So in teenage boys, sleep patterns can switch. This applies less to girls; they are typically more set
in their routines. Like with everything, there are exceptions of course.

We’ve always know that something special goes on when we sleep. We may know the old adage-
‘early to bed, early to rise’ , but actual chemical reactions in the brain and their relation to how
they improve learning when asleep have only been identified as recently as 2008 in the Academy
of Neuroscience in Chicago.

The scientists in Chicago identified in the brain a chemical called acetycholine. Acetycholine is
involved in a process called synaptic plasticity. Synaptic plasticity is the model which challenges
the idea that the brain grows in childhood, develops in teenage years and then you’re left with a
final model as an adult. Synaptic plasticity indicates that your brain can continue to develop and
grow in different ways as an adult; in short, that you can teach an old dog new tricks.

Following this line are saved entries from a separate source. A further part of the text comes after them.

Lemma mkseq_nth_nseq (T : Type) (x0 : T) s n :
  mkseq (nth x0 s) (size s + n) = s ++ nseq n x0.
Proof.
apply: (@eq_from_nth _ x0); first by rewrite size_mkseq size_cat size_nseq.
move=> i; rewrite size_mkseq => lt_i; rewrite nth_mkseq // nth_cat.
by case: ltnP => // le_si; rewrite nth_nseq nth_default // if_same.
Qed.

Lemma ord2P (p : 'I_2) : p = ord0 \/ p = ord_max.
Proof. by case: p => [[|[|n]] lt_p2] //; [left|right]; apply: val_inj. Qed.

Section Memory.
Variables (k : nat) (I : Type) (A : algorithm k I).
Implicit Types (m : Defs.mem A) (o : op k (Val A) (Reg A) (Wobj A)).

Lemma mem_ext m1 m2 :
  regs m1 =1 regs m2 -> (forall w, wrns m1 w =1 wrns m2 w) -> m1 = m2.
Proof.
case: m1 m2 => [r1 w1] [r2 w2] /= eq_r eq_w.
rewrite (functional_extensionality _ _ eq_r); congr Defs.Mem.
apply: functional_extensionality => w; exact: functional_extensionality (eq_w w).
Qed.

Definition invisible m o o' :=
  let m_o := (apply_op m o).1 in
  ((apply_op m_o o').1 = (apply_op (apply_op m o').1 o).1 \/
   (apply_op m_o o').1 = (apply_op m o').1) /\
  (apply_op m_o o').2 = (apply_op m o').2.

Lemma read_invisible m r o : invisible m (ORead r) o.
Proof. by split; [right|]. Qed.

Lemma write_invisible_write m r v r' v' :
  invisible m (OWrite r v) (OWrite r' v').
Proof.
split=> //; have [->|ne] := eqVneq r' r.
  by right; apply: mem_ext => // r0 /=; case: eqP.
left; apply: mem_ext => // r0 /=.
by have [->|] := eqVneq r0 r'; [rewrite (negbTE ne)|case: eqP].
Qed.

Lemma write_invisible_wrn m r v w i v' : invisible m (OWrite r v) (OWRN w i v').
Proof. by split; [left|]. Qed.

Lemma wrn_invisible_wrn m w (i : 'I_k) v w' (j : 'I_k) v' :
  (w' != w) || (j.+1 %% k != i) -> invisible m (OWRN w i v) (OWRN w' j v').
Proof.
move=> unread_i; split; last first.
  by move: unread_i => /=; case: (w' == w) => //= /negbTE ->.
have [same_cell|other_cell] := boolP ((w' == w) && (nat_of_ord j == i)).
  right; case/andP: same_cell => /eqP-> /eqP eq_ji; apply: mem_ext => // w0 j0 /=.
  by rewrite eq_ji; case: (_ && _).
left; apply: mem_ext => // w0 j0 /=.
case: ifP => [/andP[/eqP-> /eqP->]|_]; last by case: ifP.
by rewrite (negbTE other_cell).
Qed.

Lemma invisible_either m o o' : 2 < k -> invisible m o o' \/ invisible m o' o.
Proof.
move=> k_gt2; case: o => [r|r v|w i v]; first by left; apply: read_invisible.
  case: o' => [r'|r' v'|w' j v']; first by right; apply: read_invisible.
    by left; apply: write_invisible_write.
  by left; apply: write_invisible_wrn.
case: o' => [r'|r' v'|w' j v']; first by right; apply: read_invisible.
  by right; apply: write_invisible_wrn.
have [succ_j|ne_i] := eqVneq (j.+1 %% k) i.
  by right; apply: wrn_invisible_wrn; rewrite succ_mod_asym ?orbT.
by left; apply: wrn_invisible_wrn; rewrite ne_i orbT.
Qed.

End Memory.

Section Executions.
Variables (k : nat) (I : Type) (A : algorithm k I).
Implicit Types (c : config A) (l : seq 'I_2).

Definition exec c l : config A := foldl (@step _ _ A) c l.

Lemma exec_cat c l1 l2 : exec c (l1 ++ l2) = exec (exec c l1) l2.
Proof. exact: foldl_cat. Qed.

Lemma run_exec inputs sched t :
  run A inputs sched t = exec (init_config A inputs) (mkseq sched t).
Proof. by elim: t => // t IHt; rewrite mkseqS -cats1 exec_cat -IHt. Qed.

Lemma decided_step c p q o : decided c p o -> decided (step c q) p o.
Proof.
rewrite /decided /step => dec_p; case act_q: (act q _) => [|?] //.
by case: (apply_op _ _) => m r /=; case: eqP => // eq_pq; rewrite eq_pq act_q in dec_p.
Qed.

Lemma decided_exec c l p o : decided c p o -> decided (exec c l) p o.
Proof. by elim: l c => //= q l IHl c /(decided_step q)/IHl. Qed.

Lemma step_pending c p o : act p (locs c p) = inr o ->
  [/\ cmem (step c p) = (apply_op (cmem c) o).1,
      locs (step c p) p = Defs.next p (locs c p) (apply_op (cmem c) o).2 &
      forall q, q != p -> locs (step c p) q = locs c q].
Proof.
by rewrite /step => ->; case: (apply_op _ _) => m r /=; rewrite eqxx; split=> // q /negbTE ->.
Qed.

Lemma exec_solo_congr c c' p n :
  locs c p = locs c' p -> cmem c = cmem c' ->
  locs (exec c (nseq n p)) p = locs (exec c' (nseq n p)) p /\
  cmem (exec c (nseq n p)) = cmem (exec c' (nseq n p)).
Proof.
elim: n c c' => //= n IHn c c' eq_loc eq_mem; apply: IHn; rewrite /step -eq_loc;
  case: (act _ _) => // o; rewrite -eq_mem; case: (apply_op _ _) => m r /=; by rewrite ?eqxx.
Qed.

Acetycholine is a chemical which is released into the brain which not only enables the brain to
develop and make new connections and new pathways between synapses but it is also connected
to something called long-term potentiation.

Effectively, long-term potentiation increases your brain muscles

A muscle analogy for long-term potentiation would be that we could learn to create a better tennis
stroke perhaps, by practising day in, day out on the court, and certain muscles would grow and
develop to allow that to happen, but in addition you need to develop your body so that you can not
only learn one new stroke, but 10 new strokes.

However, acetycholine isn’t around in your brain in great quantities, particularly during the day
when it’s actually suppressed. It’s suppressed by serotonin and norepinephine- stress chemicals.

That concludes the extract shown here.